DDE excludes settlement agreements; allows licenses as a “check”; addresses apportionment of accused products & services

The District of Delaware, in ART+Com Innovation GMBH v. Google Inc., Case No. 14-217-RGA (Judge Richard G. Andrews) (April 28, 2016), considered several motions related to royalty calculations. In a previous blog post, we addressed the motion for reconsideration of the 13% apportionment issue addressed below.  This post covers the earlier order addressing that issue plus others.

Plaintiff ART+Com Innovation (“ACI”) challenged the reliance of Google’s expert Reed on seven licenses as a "check" on his reasonable royalty analysis.  Five of these licenses were settlement agreements.  The court excluded these (except as to their lump-sum nature) because they were products of litigation and not economically comparable.  The other two licenses were the product of licensing negotiations.  ACI disputed that these licenses were technologically comparable.  The court allowed these licenses because Reed acknowledged the differences, and his analysis was consonant with using the licenses as a "check" against his reasonable royalty calculations.  The jury could then weigh the evidence for itself.


NDTX affirms damages verdict; cites most favored licensee clause; limited infringement did not warrant a lower award

The Northern District of Texas, in Jean Melchior v. Hilite International, Inc., Case No. 3:11-CV-3094-M (Judge Barbara M. Lynn) (July 15, 2015), ruled on post-trial motions, including denying defendants motion for a new trial on damages.  The court held that the damages award was not excessive or against the great weight of the evidence.

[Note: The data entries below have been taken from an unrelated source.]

(* Let $\ell$ be a prime, $L$ a finite extension of $\mathbb Q_\ell$, $\tau$ a field automorphism of $L$ of order $2$, $L^\tau$ its fixed field, $\lambda$ a uniformizer of $L^\tau$, $v_\lambda$ the valuation on $\overline{\mathbb Q_\ell}$ with $v_\lambda(\lambda)=1$, and $f$ the inertia degree of $L^\tau$ over $\mathbb Q_\ell$. Let $C=\{x\in\mathcal O_L^\times:x\tau(x)=1\}$ and $C(n)=\{x\in C:v_\lambda(x-1)\ge n\}$ for $n\ge 0$. If $\ell\neq2$, then $|C(0)/C(1)|=2\ell^f$ if $L/L^\tau$ is ramified and $|C(0)/C(1)|=\ell^f+1$ if $L/L^\tau$ is unramified. If $\ell=2$ and $0\le n\le v_\lambda(2)$, then $|C(n)/C(n+1)|\le 4^f$. *)

From HB Require Import structures.
From mathcomp Require Import all_boot all_order all_algebra.
Set Implicit Arguments. Unset Strict Implicit. Unset Printing Implicit Defensive.
Import Order.TTheory GRing.Theory Num.Theory.
Local Open Scope ring_scope.

Definition num_classes (T : Type) (A : T -> Prop) (E : T -> T -> Prop)
    (k : nat) : Prop :=
  exists r : 'I_k -> T,
    [/\ forall i, A (r i),
        forall i j, E (r i) (r j) -> i = j
      & forall a, A a -> exists i, E a (r i)].

Section Valuation.
Variables (L : fieldType) (w : L -> int).
(* Let $X$ be a non-trivial separated locally convex space with topology $\sigma(X,X^* )$, $T$ an arbitrary index set, $f,g,h_t:X\to\overline{\mathbb{R}}$ ($t\in T$) proper convex functions, $A=\{x\in X:h_t(x)\le0\ \forall t\in T\}$, and $(P)$ the problem $\inf_{x\in A}\{f(x)-g(x)\}$. Let $B:=\{0\}\times\{0\}\times\,]0,+\infty[\,\times\mathbb{R}\subseteq W\times\mathbb{R}$. If $v(P)\in\mathbb{R}$, then $$\operatorname{epi}(f-g+\delta_A)^c\cap B=\{(0,0,\delta,\beta):\delta>0,\ \beta\ge -v(P)\}=\bigcap_{x\in X}\operatorname{epi}\big(c'(\cdot,x)-v(P)\big).$$ Consequently, $\operatorname{epi}(f-g+\delta_A)^c\cap B$ is an e$'$-convex set.
   Context: $X^*$ is the topological dual of $X$, $\langle x,x^*\rangle$ the pairing, $W:=X^*\times X^*\times\mathbb{R}$. The coupling $c:X\times W\to\overline{\mathbb{R}}$ is $c(x,(x^*,y^*,\alpha))=\langle x,x^*\rangle$ if $\langle x,y^*\rangle<\alpha$ and $+\infty$ otherwise; $c'((x^*,y^*,\alpha),x):=c(x,(x^*,y^*,\alpha))$. For $\varphi:X\to\overline{\mathbb{R}}$, $\varphi^c(w):=\sup_{x\in X}\{c(x,w)-\varphi(x)\}$, with the convention $(+\infty)+(-\infty)=(-\infty)+(+\infty)=(+\infty)-(+\infty)=(-\infty)-(-\infty)=-\infty$. $\delta_A$ is the indicator of $A$ ($0$ on $A$, $+\infty$ elsewhere); by convention $f(x)-g(x)=+\infty$ for $x\notin\operatorname{dom} f$. For $\psi:W\to\overline{\mathbb{R}}$, $\operatorname{epi}\psi=\{(w,\beta)\in W\times\mathbb{R}:\psi(w)\le\beta\}$. A function $k:W\to\overline{\mathbb{R}}$ is e$'$-convex if it is convex and is the pointwise supremum of a family of functions of the form $c'(\cdot,x)-\beta$ with $x\in X$, $\beta\in\mathbb{R}$. A set $D\subseteq W\times\mathbb{R}$ is e$'$-convex if $D=\operatorname{epi}k$ for some e$'$-convex function $k$. $v(P)$ is the optimal value of $(P)$. *)

From HB Require Import structures.
From mathcomp Require Import all_boot all_algebra all_classical all_reals all_analysis.
Import GRing.Theory Num.Theory.
Set Implicit Arguments. Unset Strict Implicit. Unset Printing Implicit Defensive.
Local Open Scope classical_set_scope.
Local Open Scope ring_scope.

Section Defs.
Variables (R : realType) (X : tvsType R).

Record dual := Dual {
  dfun :> X -> R ;
  dfunD : forall x y : X, dfun (x + y) = dfun x + dfun y ;
  dfunZ : forall (a : R) (x : X), dfun (a *: x) = a * dfun x ;
  dfun_cont : continuous (dfun : X -> R^o) }.

Lemma dual0_D (x y : X) : (fun _ : X => 0 : R) (x + y) = (fun _ : X => 0 : R) x + (fun _ : X => 0 : R) y.
Proof. by rewrite addr0. Qed.
Lemma dual0_Z (a : R) (x : X) : (fun _ : X => 0 : R) (a *: x) = a * (fun _ : X => 0 : R) x.
Proof. by rewrite mulr0. Qed.
Lemma dual0_cont : continuous ((fun _ : X => 0 : R) : X -> R^o).
Proof. exact: cst_continuous. Qed.

Definition dual0 : dual := Dual dual0_D dual0_Z dual0_cont.

Definition W := (dual * dual * R)%type.

Local Open Scope ereal_scope.

Definition cpl (x : X) (w : W) : \bar R :=
  if (w.1.2 x < w.2)%R then (w.1.1 x)%:E else +oo.
Definition cpl' (w : W) (x : X) : \bar R := cpl x w.

(* c-conjugate; MathComp's extended-real subtraction satisfies exactly the
   conventions (+oo)+(-oo) = (-oo)+(+oo) = (+oo)-(+oo) = (-oo)-(-oo) = -oo *)
Definition cconj (phi : X -> \bar R) (w : W) : \bar R :=
  ereal_sup [set cpl x w - phi x | x in [set: X]].

Definition epi (psi : W -> \bar R) : set (W * R) :=
  [set p | psi p.1 <= p.2%:E].

Definition indic (A : set X) (x : X) : \bar R := if `[< A x >] then 0 else +oo.

Definition fsub (f g : X -> \bar R) (x : X) : \bar R :=
  if f x < +oo then f x - g x else +oo.

(* f - g + delta_A : equal to f - g on A and +oo outside A *)
Definition fgA (f g : X -> \bar R) (A : set X) (x : X) : \bar R :=
  if `[< A x >] then fsub f g x else +oo.

Definition convex_fun (f : X -> \bar R) : Prop :=
  forall (x y : X) (a b l : R), (0 <= l <= 1)%R ->
    f x <= a%:E -> f y <= b%:E ->
    f (l *: x + (1 - l) *: y)%R <= (l * a + (1 - l) * b)%R%:E.

Definition proper_fun (f : X -> \bar R) : Prop :=
  (forall x, f x != -oo) /\ exists x, f x < +oo.

(* convexity of a function on W = X^* x X^* x R (convex epigraph); w3 is the
   convex combination l w1 + (1-l) w2, the dual components being compared
   pointwise *)
Definition convexW (k : W -> \bar R) : Prop :=
  forall (w1 w2 w3 : W) (a b l : R), (0 <= l <= 1)%R ->
    (forall x, w3.1.1 x = l * w1.1.1 x + (1 - l) * w2.1.1 x)%R ->
    (forall x, w3.1.2 x = l * w1.1.2 x + (1 - l) * w2.1.2 x)%R ->
    (w3.2 = l * w1.2 + (1 - l) * w2.2)%R ->
    k w1 <= a%:E -> k w2 <= b%:E -> k w3 <= (l * a + (1 - l) * b)%R%:E.

Definition econvex_fun (k : W -> \bar R) : Prop :=
  convexW k /\
  exists S : set (X * R),
    forall w, k w = ereal_sup [set cpl' w p.1 - p.2%:E | p in S].

Definition econvex_set (D : set (W * R)) : Prop :=
  exists k, econvex_fun k /\ D = epi k.

Definition Bset : set (W * R) :=
  [set p | p.1.1.1 = dual0 /\ p.1.1.2 = dual0 /\ (0 < p.1.2)%R].

End Defs.

From HB Require Import structures.
From mathcomp Require Import all_boot all_order all_algebra all_classical all_reals all_analysis.
From mathcomp Require Import lra.
Import Order.TTheory GRing.Theory Num.Theory.
Local Open Scope classical_set_scope.
Local Open Scope ring_scope.

(* For [d > 0] the coupling [c(x, (0, 0, d))] vanishes identically, so
   [phi^c (0, 0, d) = - inf phi]; for [phi = f - g + delta_A] this is [- v(P)].
   Conversely, [(w, b)] lies in every [epi (c'(., x) - v)] iff
   [<x, x*> - v <= b] and [<x, y*> < a] for all [x]; since a linear functional
   bounded above vanishes, this means [x* = y* = 0], [a > 0] and [b >= - v].
   The resulting set is the epigraph of the e'-convex function
   [w |-> sup_x c'(w, x) - v]. *)

Section ZeroSlice.
Variables (R : realType) (X : tvsType R).
Implicit Types (w : W X) (v b d : R).

Lemma dual_ub_eq0 (phi : dual X) c : (forall x, phi x <= c) -> forall x, phi x = 0.
Proof.
move=> phi_ub x; apply/eqP/negPn/negP => phix_neq0.
have := phi_ub (((`|c| + 1) / phi x) *: x).
rewrite dfunZ mulrVK ?unitfE //.
have := ler_norm c; lra.
Qed.

Lemma dual_eq0 (phi : dual X) : (forall x, phi x = 0) -> phi = dual0 X.
Proof.
case: phi => p pD pZ pc /= p0.
have p_eq0 : p = (fun _ => 0) by apply: funext.
by subst p; congr Dual; exact: Prop_irrelevance.
Qed.

Definition zero_slice v : set (W X * R) :=
  [set p | exists d b, p = ((dual0 X, dual0 X, d), b) /\ 0 < d /\ - v <= b].

Lemma zero_sliceE v w b :
  zero_slice v (w, b) <->
  [/\ w.1.1 = dual0 X, w.1.2 = dual0 X, 0 < w.2 & - v <= b].
Proof.
case: w => [[p q] e] /=; split.
- by case=> d [b' [[-> -> -> ->] [d0 vb]]].
- by case=> -> -> e0 vb; exists e, b.
Qed.

Lemma cpl_dual0 d x : 0 < d -> cpl x (dual0 X, dual0 X, d) = 0%E.
Proof. by move=> d0; rewrite /cpl /= d0. Qed.

Lemma cpl_sub_le_zero_slice v w b :
  (forall x, (cpl x w - v%:E <= b%:E)%E) <-> zero_slice v (w, b).
Proof.
rewrite zero_sliceE; split.
- move=> cpl_le.
  have cplP x : w.1.2 x < w.2 /\ w.1.1 x - v <= b.
    move: (cpl_le x); rewrite /cpl; case: ifP => _.
      by rewrite -EFinB lee_fin.
    by rewrite addye // leye_eq.
  have Z1 : forall x, w.1.1 x = 0.
    by apply: (@dual_ub_eq0 _ (b + v)) => x; rewrite -lerBlDr; case: (cplP x).
  have Z2 : forall x, w.1.2 x = 0.
    by apply: (@dual_ub_eq0 _ w.2) => x; apply: ltW; case: (cplP x).
  split; [exact: dual_eq0 | exact: dual_eq0 | |].
  + by case: (cplP 0); rewrite Z2.
  + by case: (cplP 0); rewrite Z1 sub0r.
- case: w => [[p q] e] /= [-> -> e0 vb] x.
  by rewrite cpl_dual0 // add0e lee_fin.
Qed.

Lemma zero_slice_bigcap v :
  zero_slice v = \bigcap_(x in [set: X]) epi (fun w => (cpl' w x - v%:E)%E).
Proof.
apply/seteqP; split=> -[w b].
- by move/cpl_sub_le_zero_slice => cpl_le x _; exact: cpl_le.
- by move=> cpl_le; apply/cpl_sub_le_zero_slice => x; exact: cpl_le x I.
Qed.

Lemma cconj_dual0 (phi : X -> \bar R) d :
  0 < d -> cconj phi (dual0 X, dual0 X, d) = (- ereal_inf (range phi))%E.
Proof.
move=> d0; rewrite /cconj -ereal_supN image_comp; congr ereal_sup.
by apply: eq_imagel => x _ /=; rewrite cpl_dual0 // sub0e.
Qed.

Lemma epi_cconj_Bset (phi : X -> \bar R) v :
  ereal_inf (range phi) = v%:E -> epi (cconj phi) `&` @Bset R X = zero_slice v.
Proof.
move=> inf_phi; apply/seteqP; split=> -[[[p q] d] b].
- case=> conj_le [/= p0 [/= q0 /= d0]]; subst p q.
  apply/zero_sliceE; split=> //.
  by move: conj_le; rewrite /epi /= cconj_dual0 // inf_phi -EFinN lee_fin.
- move/zero_sliceE => /= [-> -> d0 vb]; split=> //=.
  by rewrite /epi /= cconj_dual0 // inf_phi -EFinN lee_fin.
Qed.

Definition sup_cpl'_sub v w : \bar R :=
  ereal_sup [set (cpl' w q.1 - q.2%:E)%E | q in [set q : X * R | q.2 = v]].

Lemma epi_sup_cpl'_sub v : epi (sup_cpl'_sub v) = zero_slice v.
Proof.
apply/seteqP; split=> -[w b] /=; rewrite /epi /= -cpl_sub_le_zero_slice.
- by move=> sup_le x; apply: le_trans sup_le; apply: ereal_sup_ubound; exists (x, v).
- by move=> cpl_le; apply: ge_ereal_sup => _ [[x r] /= -> <-]; exact: cpl_le.
Qed.

Lemma convexW_sup_cpl'_sub v : convexW (sup_cpl'_sub v).
Proof.
move=> w1 w2 w3 a b l /andP[l0 l1] e1 e2 e3.
have epiP w c : (sup_cpl'_sub v w <= c%:E)%E <-> zero_slice v (w, c).
  by rewrite -epi_sup_cpl'_sub.
move=> /epiP/zero_sliceE [Z11 Z12 d1 va] /epiP/zero_sliceE [Z21 Z22 d2 vb].
apply/epiP/zero_sliceE; split.
- by apply: dual_eq0 => x; rewrite e1 Z11 Z21 /= !mulr0 addr0.
- by apply: dual_eq0 => x; rewrite e2 Z12 Z22 /= !mulr0 addr0.
- rewrite e3; nra.
- nra.
Qed.

Lemma econvex_zero_slice v : econvex_set (zero_slice v).
Proof.
exists (sup_cpl'_sub v); split; last by rewrite epi_sup_cpl'_sub.
split; first exact: convexW_sup_cpl'_sub.
by exists [set q : X * R | q.2 = v].
Qed.

Lemma ereal_inf_fgA (f g : X -> \bar R) (A : set X) :
  ereal_inf (range (fgA f g A)) = ereal_inf [set fsub f g x | x in A].
Proof.
apply/le_anti/andP; split.
- apply: le_ereal_inf_tmp => _ [x Ax <-]; apply: ereal_inf_lbound.
  by exists x => //; rewrite /fgA asboolT.
- apply: le_ereal_inf_tmp => _ [x _ <-]; rewrite /fgA.
  case: asboolP => Ax; last exact: leey.
  by apply: ereal_inf_lbound; exists x.
Qed.

End ZeroSlice.

Theorem lemma4p7 (R : realType) (X : tvsType R) (T : Type)
  (f g : X -> \bar R) (h : T -> X -> \bar R) :
  hausdorff_space X ->
  (exists x : X, x != 0) ->
  convex_fun f -> proper_fun f ->
  convex_fun g -> proper_fun g ->
  (forall t, convex_fun (h t)) -> (forall t, proper_fun (h t)) ->
  let A := [set x : X | forall t, (h t x <= 0)%E] in
  let vP := ereal_inf [set fsub f g x | x in A] in
  forall v : R, vP = v%:E ->
  let D := epi (cconj (fgA f g A)) `&` @Bset R X in
  D = [set p | exists (d b : R), p = ((@dual0 R X, @dual0 R X, d), b) /\ 0 < d /\ - v <= b]
  /\ [set p | exists (d b : R), p = ((@dual0 R X, @dual0 R X, d), b) /\ 0 < d /\ - v <= b]
     = \bigcap_(x in [set: X]) epi (fun w => (cpl' w x - v%:E)%E)
  /\ econvex_set D.
Proof.
move=> _ _ _ _ _ _ _ _ A vP v vP_v D.
have D_slice : D = @zero_slice R X v by apply: epi_cconj_Bset; rewrite ereal_inf_fgA.
split; first exact: D_slice.
split; first exact: zero_slice_bigcap.
by rewrite D_slice; exact: econvex_zero_slice.
Qed.
Definition nonzero_values h s : seq R := [seq h i | i <- s & h i != 0].

Lemma nonzero_values_cat h s1 s2 :
  nonzero_values h (s1 ++ s2) = nonzero_values h s1 ++ nonzero_values h s2.
Proof. by rewrite /nonzero_values filter_cat map_cat. Qed.

Lemma eq_in_nonzero_values h h' s :
  {in s, h =1 h'} -> nonzero_values h s = nonzero_values h' s.
Proof.
move=> eq_hh'; rewrite /nonzero_values (@eq_in_filter _ _ (fun i => h' i != 0)).
  by apply/eq_in_map => i; rewrite mem_filter => /andP[_ /eq_hh'].
by move=> i /eq_hh' ->.
Qed.

Lemma nonzero_values_nil h s : {in s, forall i, h i = 0} -> nonzero_values h s = [::].
Proof.
move=> h0; rewrite /nonzero_values (@eq_in_filter _ _ pred0) ?filter_pred0 //.
by move=> i /h0 ->; rewrite eqxx.
Qed.

Lemma nonzero_values_neq0 h s : all (fun a => a != 0) (nonzero_values h s).
Proof. by rewrite all_map; apply/allP => i; rewrite mem_filter => /andP[]. Qed.

Lemma nonzero_values_iota h N N' : supported_below N h -> supported_below N' h ->
  nonzero_values h (iota 0 N) = nonzero_values h (iota 0 N').
Proof.
wlog le_NN' : N N' / (N <= N')%N => [wlog_le|suppN _].
  by case: (leqP N N') => [|/ltnW] le; [|symmetry]; apply: wlog_le.
rewrite -(subnKC le_NN') iotaD nonzero_values_cat.
rewrite [in X in _ ++ X]nonzero_values_nil ?cats0 //.
by move=> i; rewrite mem_iota => /andP[/suppN].
Qed.

End NonzeroValues.

Lemma nonzero_valuesZ (R : pzRingType) (mu : R) (h : nat -> R) (s : seq nat) :
  GRing.lreg mu -> nonzero_values (fun i => mu * h i) s = map ( *%R mu) (nonzero_values h s).
Proof.
move=> mu_reg; rewrite /nonzero_values -map_comp.
by congr map; apply: eq_filter => i; rewrite /= (mulrI_eq0 _ mu_reg).
Qed.

Lemma subspace_sum (F : fieldType) (E : lmodType F) (V : E -> Prop) n
    (d : 'I_n -> F) (v : 'I_n -> E) :
  is_subspace V -> (forall j, V (v j)) -> V (\sum_(j < n) d j *: v j).
Proof. by case=> V0 VD VZ Vv; apply: big_ind => // j _; apply: VZ. Qed.

Section CoordinateChanges.
Variables (F : fieldType) (E : lmodType F) (coord : E -> nat -> F).
Hypothesis coord_lin : forall a x y i, coord (a *: x + y) i = a * coord x i + coord y i.
Hypothesis coord_eq0 : forall x, (forall i, coord x i = 0) -> x = 0.
Hypothesis coord_supported : forall x, exists N, supported_below N (coord x).

Lemma coord0 i : coord 0 i = 0.
Proof. by rewrite -{1}(addNr (0 : E)) -scaleN1r coord_lin mulN1r addNr. Qed.

Lemma coordDZ x mu w i : coord (x + mu *: w) i = coord x i + mu * coord w i.
Proof. by rewrite addrC coord_lin addrC. Qed.

Lemma coord_sum n (d : 'I_n -> F) (v : 'I_n -> E) i :
  coord (\sum_(j < n) d j *: v j) i = \sum_(j < n) d j * coord (v j) i.
Proof.
apply: (big_rec2 (fun y a => coord y i = a)) => [|j y a _ <-]; first exact: coord0.
by rewrite coord_lin.
Qed.

Definition coord_values N x := nonzero_values (coord x) (iota 0 N).

Lemma coord_values0 N : coord_values N 0 = [::].
Proof. by apply: nonzero_values_nil => i _; apply: coord0. Qed.

Lemma coord_values_neq_nil N x :
  x <> 0 -> supported_below N (coord x) -> coord_values N x <> [::].
Proof.
move=> x_neq0 suppx values_nil; apply/x_neq0/coord_eq0 => i.
have [/suppx //|lt_iN] := leqP N i.
apply/eqP; apply: contraT => xi_neq0.
have : coord x i \in coord_values N x by rewrite map_f // mem_filter xi_neq0 mem_iota.
by rewrite values_nil.
Qed.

Hilite’s arguments were effectively two-fold:  (1) that Melchior’s expert, Dr. Poindexter, had relied too heavily on Georgia-Pacific factor 1 and in particular on a license agreement between Melchior and Borg Warner; and (2) that Dr. Poindexter’s testimony failed to account for limited use of the patented invention in the infringing devices, in which the devices are only in the patented position for a fraction of a second.